[Exercise directions]: From the line with "have : nbhs l [set y : \bar R | (a%:E" through the line with "- exact: nbhs_open_ereal_ninfty.", inclusive, return each line of the data below exactly and leave the rest out.

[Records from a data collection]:
(* Let $\chi>0$, $\phi\in C^1(\mathbb{R})$ with $\phi'>0$, $\phi(0)>0$, $s>\chi\phi(0)$, $u_-\ge0$, and let $g\in C^1([0,\infty))$ be positive with exactly one $\beta>0$ such that $g'<0$ on $[0,\beta)$ and $g'>0$ on $(\beta,\infty)$; let $g_\infty:=\lim_{V\to\infty}g(V)\in(0,\infty]$. Consider equilibria $(V,0)$, $V\ge0$, of $V'=W$, $W'=-h(W)+g(V)$, $h(W)=\frac{u_-(\chi\phi(0)-s)}{\chi\phi(W)-s}$. (1) If $g_\infty<g(0)$: (i) if $u_-<g(\beta)$ or $u_->g(0)$ there is no equilibrium; (ii) if $u_-=g(\beta)$ or $g_\infty<u_-<g(0)$ there is exactly one equilibrium $E=(v,0)$, with $v\le\beta$, and $E$ is a stable focus, a stable node, or non-hyperbolic; (iii) if $g(\beta)<u_-<g_\infty$ there are exactly two equilibria $E_\pm=(v_\pm,0)$ with $0<v_+<\beta<v_-$, $u_-=g(v_\pm)$, $E_-$ a saddle and $E_+$ a stable focus or stable node. (2) If $g_\infty>g(0)$ (including $g_\infty=+\infty$): (i) if $u_-<g(\beta)$ or $u_-\ge g_\infty$ there is no equilibrium; (ii) if $u_-=g(\beta)$ or $g(0)<u_-<g_\infty$ there is exactly one equilibrium $E=(v,0)$, with $v\ge\beta$, and $E$ is a saddle or non-hyperbolic; (iii) if $g(\beta)<u_-\le g(0)$ there are exactly two equilibria $E_\pm=(v_\pm,0)$ with $0\le v_+<\beta<v_-$, $u_-=g(v_\pm)$, $E_-$ a saddle and $E_+$ a stable focus or stable node. (3) If $g_\infty=g(0)$: (i) if $u_-<g(\beta)$ or $u_->g(0)$ there is no equilibrium; (ii) if $u_-=g(\beta)$ there is exactly one equilibrium $E=(\beta,0)$, and it is non-hyperbolic; (iii) if $g(\beta)<u_-<g(0)$ there are exactly two equilibria $E_\pm=(v_\pm,0)$ with $0<v_+<\beta<v_-$, $u_-=g(v_\pm)$, $E_-$ a saddle and $E_+$ a stable focus or stable node. *)

From HB Require Import structures.
From mathcomp Require Import all_boot all_order all_algebra.
From mathcomp Require Import all_classical all_reals all_analysis.
From mathcomp Require Import complex.

Set Implicit Arguments.
Unset Strict Implicit.
Unset Printing Implicit Defensive.

Import Order.TTheory GRing.Theory Num.Theory.
Import numFieldNormedType.Exports.
Local Open Scope ring_scope.

Section Defs.
Variable R : realType.

Definition hfun (chi : R) (phi : R -> R) (s um : R) (W : R) : R :=
  um * (chi * phi 0 - s) / (chi * phi W - s).

Definition vfield (chi : R) (phi : R -> R) (s um : R) (g : R -> R)
    (p : R * R) : R * R :=
  (p.2, - hfun chi phi s um p.2 + g p.1).

Definition equilibrium (chi : R) (phi : R -> R) (s um : R) (g : R -> R)
    (p : R * R) : Prop :=
  0 <= p.1 /\ vfield chi phi s um g p = (0, 0).

Definition pc (i : 'I_2) (q : R * R) : R := if i == ord0 then q.1 else q.2.

Definition jacobian (F : R * R -> R * R) (p : R * R) : 'M[R]_2 :=
  \matrix_(i < 2, j < 2)
    derive1 (fun t => pc i (F (if j == ord0 then (t, p.2) else (p.1, t)))) (pc j p).

Definition ceigen (A : 'M[R]_2) (l : R[i]) : Prop :=
  eigenvalue (map_mx (real_complex R) A) l.

Definition non_hyperbolic (F : R * R -> R * R) (p : R * R) : Prop :=
  exists l, ceigen (jacobian F p) l /\ complex.Re l = 0.

Definition saddle (F : R * R -> R * R) (p : R * R) : Prop :=
  exists l1 l2, [/\ ceigen (jacobian F p) l1, ceigen (jacobian F p) l2,
    complex.Im l1 = 0, complex.Im l2 = 0 & complex.Re l1 < 0 < complex.Re l2].

Definition stable_node (F : R * R -> R * R) (p : R * R) : Prop :=
  forall l, ceigen (jacobian F p) l -> complex.Im l = 0 /\ complex.Re l < 0.

Definition stable_focus (F : R * R -> R * R) (p : R * R) : Prop :=
  forall l, ceigen (jacobian F p) l -> complex.Im l != 0 /\ complex.Re l < 0.

End Defs.

(* Since h(0) = u_-, the equilibria are the points (v, 0) with v >= 0 and g(v) = u_-.
   There the Jacobian is [[0, 1], [g'(v), -h'(0)]], and h'(0) > 0 because
   chi phi(0) - s < 0, phi' > 0 and u_- = g(v) > 0.  Its determinant -g'(v) and its
   negative trace make (v, 0) a saddle on the increasing branch v > beta, a stable
   focus or node on the decreasing branch v < beta, and non-hyperbolic at the minimum
   v = beta.  On each branch g is strictly monotone, so g = u_- has at most one root
   there; by the intermediate value theorem it has one in [0, beta) iff
   g(beta) < u_- <= g(0), and one in (beta, oo) iff g(beta) < u_- < g_oo, since g
   increases strictly towards its limit g_oo.  Comparing g(0) with g_oo gives the
   three cases. *)

From Pilot Require Import Defs.
From mathcomp Require Import all_boot all_order all_algebra.
From mathcomp Require Import all_classical all_reals all_analysis.
From mathcomp Require Import complex.
From mathcomp Require Import ring lra.

Set Implicit Arguments.
Unset Strict Implicit.
Unset Printing Implicit Defensive.

Import Order.TTheory GRing.Theory Num.Theory.
Import numFieldNormedType.Exports.
Local Open Scope ring_scope.

Lemma det_mx2 (R : comPzRingType) (A : 'M[R]_2) :
  \det A = A 0 0 * A 1 1 - A 0 1 * A 1 0.
Proof.
rewrite (expand_det_row _ 0) big_ord_recl big_ord1 /cofactor !det_mx11 !mxE /=.
rewrite expr0 expr1 mul1r mulN1r mulrN.
by congr (A _ _ * A _ _ - A _ _ * A _ _); apply/val_inj.
Qed.

Lemma trace_mx2 (R : pzSemiRingType) (A : 'M[R]_2) : \tr A = A 0 0 + A 1 1.
Proof.
by rewrite /mxtrace big_ord_recl big_ord1; congr (A _ _ + A _ _); apply/val_inj.
Qed.

Lemma eigenvalue_mx2 (F : fieldType) (A : 'M[F]_2) a :
  eigenvalue A a = (a ^+ 2 - \tr A * a + \det A == 0).
Proof.
rewrite eigenvalue_root_char /root /char_poly det_mx2 trace_mx2 !mxE /= !hornerE.
by congr (_ == 0); rewrite det_mx2; ring.
Qed.

Lemma ceigen_ReIm (R : realType) (A : 'M[R]_2) (l : R[i]) :
  ceigen A l <->
  complex.Re l ^+ 2 - complex.Im l ^+ 2 - \tr A * complex.Re l + \det A = 0 /\
  (complex.Re l *+ 2 - \tr A) * complex.Im l = 0.
Proof.
rewrite /ceigen eigenvalue_mx2 trace_map_mx det_map_mx.
case: l => x y /=; rewrite eq_complex /=.
have -> : x * x - y * y - (\tr A * x - 0 * y) + \det A =
          x ^+ 2 - y ^+ 2 - \tr A * x + \det A by ring.
have -> : x * y + y * x - (\tr A * y + 0 * x) + 0 = (x *+ 2 - \tr A) * y by ring.
by split => [/andP[/eqP -> /eqP ->] | [-> ->]] //; rewrite eqxx.
Qed.

Section PlanarLinearization.
Variables (R : realType) (F : R * R -> R * R) (p : R * R).
Let T := \tr (Defs.jacobian F p).
Let D := \det (Defs.jacobian F p).

Lemma saddle_of_det_lt0 : D < 0 -> saddle F p.
Proof.
move=> D_lt0; have disc_ge0 : 0 <= T ^+ 2 - 4 * D by nra.
set r := Num.sqrt (T ^+ 2 - 4 * D).
have r2 : r ^+ 2 = T ^+ 2 - 4 * D by rewrite sqr_sqrtr.
have r_ge0 : 0 <= r by rewrite sqrtr_ge0.
exists (Complex ((T - r) / 2) 0), (Complex ((T + r) / 2) 0).
split=> //=; last by apply/andP; split; nra.
all: by apply/ceigen_ReIm => /=; rewrite -/T -/D; split; [nra | lra].
Qed.

Lemma non_hyperbolic_of_det_eq0 : D = 0 -> non_hyperbolic F p.
Proof.
move=> D0; exists (Complex 0 0); split => //.
by apply/ceigen_ReIm => /=; rewrite -/D D0; split; lra.
Qed.

Lemma stable_of_det_gt0_tr_lt0 : 0 < D -> T < 0 ->
  stable_focus F p \/ stable_node F p.
Proof.
move=> D_gt0 T_lt0.
have [disc_lt0 | disc_ge0] := ltP (T ^+ 2 - 4 * D) 0; [left | right];
  move=> [x y] /ceigen_ReIm /=; rewrite -/T -/D => -[re /eqP];
  rewrite mulf_eq0 => /orP[/eqP x_vertex | /eqP y0].
- split; last by lra.
  by apply/eqP => y0; rewrite y0 in re; nra.
- by rewrite y0 in re; have := sqr_ge0 (2 * x - T); nra.
- have y0 : y = 0 by apply/eqP; rewrite -sqrf_eq0 eq_le sqr_ge0 andbT; nra.
  by rewrite y0 in re *; split => //; nra.
- by rewrite y0 in re *; split => //; nra.
Qed.

End PlanarLinearization.

Section LimitAtPinfty.
Variables (R : realType) (f : R -> R) (l : \bar R).
Hypothesis f_cvg : ((f x)%:E @[x --> +oo] --> l)%classic.

Lemma cvg_pinfty_gt_ex (a b : R) : (a%:E < l)%E -> exists2 x, b < x & a < f x.
Proof.
move=> a_lt_l.
have : nbhs l [set y : \bar R | (a%:E < y)%E]%classic.
  move: a_lt_l; case: l => [r||] //= a_lt_l.
  - exact: (@nbhs_open_ereal_gt _ r (fun=> a)).
  - exact: nbhs_open_ereal_pinfty.
move=> /f_cvg [M [_ HM]].
exists (Num.max M b + 1); first by rewrite ltr_pwDr // le_max lexx orbT.
by rewrite -lte_fin; apply: HM; rewrite ltr_pwDr // le_max lexx.
Qed.

Lemma cvg_pinfty_lt_ex (a b : R) : (l < a%:E)%E -> exists2 x, b < x & f x < a.
Proof.
move=> l_lt_a.
have : nbhs l [set y : \bar R | (y < a%:E)%E]%classic.
  move: l_lt_a; case: l => [r||] //= l_lt_a.
  - exact: (@nbhs_open_ereal_lt _ r (fun=> a)).
  - exact: nbhs_open_ereal_ninfty.
move=> /f_cvg [M [_ HM]].
exists (Num.max M b + 1); first by rewrite ltr_pwDr // le_max lexx orbT.
by rewrite -lte_fin; apply: HM; rewrite ltr_pwDr // le_max lexx.
Qed.

Lemma incr_lt_cvg_pinfty (b : R) : {in `[b, +oo[ &, {homo f : x y / x < y}} ->
  forall x, b <= x -> ((f x)%:E < l)%E.
Proof.
move=> f_incr x bx; rewrite ltNge; apply/negP => l_le_fx.
have x_in : x \in `[b, +oo[ by rewrite in_itv /= bx.
have x1_in : x + 1 \in `[b, +oo[ by rewrite in_itv /= andbT (le_trans bx) ?lerDl.
have fx_lt : f x < f (x + 1) by apply: f_incr; rewrite ?ltrDl.
have [y x1y fy_lt] : exists2 y, x + 1 < y & f y < f (x + 1).
  by apply: cvg_pinfty_lt_ex; apply: le_lt_trans l_le_fx _; rewrite lte_fin.
have y_in : y \in `[b, +oo[.
  by rewrite in_itv /= andbT (le_trans bx) // ltW // (lt_trans _ x1y) ?ltrDl.
by move: (f_incr _ _ x1_in y_in x1y); rewrite ltNge ltW.
Qed.
End LimitAtPinfty.

Section VectorField.
Variables (R : realType) (chi : R) (phi : R -> R) (s um : R) (g : R -> R).

Lemma is_derive_hfun w : derivable phi w 1 -> chi * phi w != s ->
  is_derive w 1 (hfun chi phi s um)
    (- (um * (chi * phi 0 - s)) * (chi * derive1 phi w) / (chi * phi w - s) ^+ 2).
Proof.
move=> dphi pole; rewrite -subr_eq0 in pole.
have dq : is_derive w 1 (fun W => chi * phi W - s) (chi * derive1 phi w).
  have := is_deriveB (is_deriveZ chi (derivableP dphi)) (is_derive_cst s w 1).
  by rewrite subr0 derive1E.
have dinv := is_deriveV (f := fun W => chi * phi W - s) pole dq.
apply: is_derive_eq (is_deriveZ (um * (chi * phi 0 - s)) dinv) _.
by rewrite /GRing.scale /=; field.
Qed.

Lemma hfun0 : chi * phi 0 != s -> hfun chi phi s um 0 = um.
Proof. by move=> pole; rewrite /hfun mulfK // subr_eq0. Qed.

Lemma equilibriumE p : chi * phi 0 != s ->
  equilibrium chi phi s um g p <-> [/\ 0 <= p.1, p.2 = 0 & g p.1 = um].
Proof.
move=> pole; case: p => v w; rewrite /equilibrium /vfield /=.
split=> [[v_ge0 [-> /eqP]] | [v_ge0 -> ->]]; last by rewrite hfun0 // addNr.
by rewrite hfun0 // addrC subr_eq0 => /eqP.
Qed.

Local Notation F := (vfield chi phi s um g).

Lemma det_jacobian_vfield v w : derivable g v 1 ->
  \det (Defs.jacobian F (v, w)) = - derive1 g v.
Proof.
move=> dg; rewrite det_mx2 !mxE /pc /= derive1_cst derive1_id mul0r mul1r sub0r.
have := is_deriveD (is_derive_cst (- hfun chi phi s um w) v 1) (derivableP dg).
by move=> ?; rewrite derive1E derive_val add0r derive1E.
Qed.

Lemma trace_jacobian_vfield v w : derivable (hfun chi phi s um) w 1 ->
  \tr (Defs.jacobian F (v, w)) = - derive1 (hfun chi phi s um) w.
Proof.
move=> dh; rewrite trace_mx2 !mxE /pc /= derive1_cst add0r.
have := is_deriveD (is_deriveN (derivableP dh)) (is_derive_cst (g v) w 1).
by move=> ?; rewrite derive1E derive_val addr0 derive1E.
Qed.

End VectorField.

Section UShaped.
Variables (R : realType) (g : R -> R) (beta : R).
Hypothesis g_derivable : forall x : R, 0 <= x -> derivable g x 1.
Hypothesis beta_gt0 : 0 < beta.
Hypothesis g'_lt0 : forall x : R, 0 <= x < beta -> derive1 g x < 0.
Hypothesis g'_gt0 : forall x : R, beta < x -> 0 < derive1 g x.

Lemma continuous_within_g (a b : R) : 0 <= a -> {within `[a, b], continuous g}%classic.
Proof.
move=> a_ge0; apply: continuous_subspace_itv => x; rewrite in_itv /= => /andP[ax _].
exact/differentiable_continuous/derivable1_diffP/g_derivable/(le_trans a_ge0).
Qed.

Lemma g_decr : {in `[0, beta] &, {homo g : x y /~ x < y}}.
Proof.
apply: ltr0_derive1_lt_cc; last exact: continuous_within_g.
- by move=> x; rewrite in_itv /= => /andP[x_gt0 _]; apply/g_derivable/ltW.
- by move=> x; rewrite in_itv /= => /andP[x_gt0 x_lt]; apply: g'_lt0; rewrite ltW.
Qed.

Lemma g_incr : {in `[beta, +oo[ &, {homo g : x y / x < y}}.
Proof.
move=> x y; rewrite !in_itv /= !andbT => bx _ xy.
apply: (@gtr0_derive1_lt_cc _ _ beta y);
  rewrite ?in_itv /= ?bx ?lexx ?(ltW xy) ?(le_trans bx (ltW xy)) //.
- by move=> t; rewrite in_itv /= => /andP[bt _]; apply/g_derivable/ltW/(lt_trans beta_gt0).
- by move=> t; rewrite in_itv /= => /andP[bt _]; apply: g'_gt0.
- exact/continuous_within_g/ltW.
Qed.

Lemma g_ge_beta x : 0 <= x -> g beta <= g x.
Proof.
move=> x_ge0; have [xb|bx] := leP x beta.
  have [->//|x_lt] := eqVneq x beta.
  by apply/ltW/g_decr; rewrite ?in_itv /= ?x_ge0 ?xb ?lexx ?(ltW beta_gt0) // lt_neqAle x_lt.
by apply/ltW/g_incr; rewrite ?in_itv /= ?lexx ?(ltW bx).
Qed.

Lemma g_le_g0 x : 0 <= x <= beta -> g x <= g 0.
Proof.
move=> /andP[x_ge0 xb]; have [<-//|x_neq0] := eqVneq 0 x.
by apply/ltW/g_decr; rewrite ?in_itv /= ?lexx ?x_ge0 ?xb ?(ltW beta_gt0) // lt_neqAle x_neq0.
Qed.

Lemma derive1_g_beta : derive1 g beta = 0.
Proof.
have : is_derive beta 1 g 0.
  apply: (@derive1_at_min _ g 0 (beta *+ 2)).
  - by rewrite mulrn_wge0 // ltW.
  - by move=> t; rewrite in_itv /= => /andP[t_gt0 _]; apply/g_derivable/ltW.
  - by rewrite in_itv /= beta_gt0 mulr2n ltrDl.
  - by move=> t; rewrite in_itv /= => /andP[t_gt0 _]; apply/g_ge_beta/ltW.
by move=> ?; rewrite derive1E derive_val.
Qed.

[Written response]:
have : nbhs l [set y : \bar R | (a%:E < y)%E]%classic.
  move: a_lt_l; case: l => [r||] //= a_lt_l.
  - exact: (@nbhs_open_ereal_gt _ r (fun=> a)).
  - exact: nbhs_open_ereal_pinfty.
move=> /f_cvg [M [_ HM]].
exists (Num.max M b + 1); first by rewrite ltr_pwDr // le_max lexx orbT.
by rewrite -lte_fin; apply: HM; rewrite ltr_pwDr // le_max lexx.
Qed.

Lemma cvg_pinfty_lt_ex (a b : R) : (l < a%:E)%E -> exists2 x, b < x & f x < a.
Proof.
move=> l_lt_a.
have : nbhs l [set y : \bar R | (y < a%:E)%E]%classic.
  move: l_lt_a; case: l => [r||] //= l_lt_a.
  - exact: (@nbhs_open_ereal_lt _ r (fun=> a)).
  - exact: nbhs_open_ereal_ninfty.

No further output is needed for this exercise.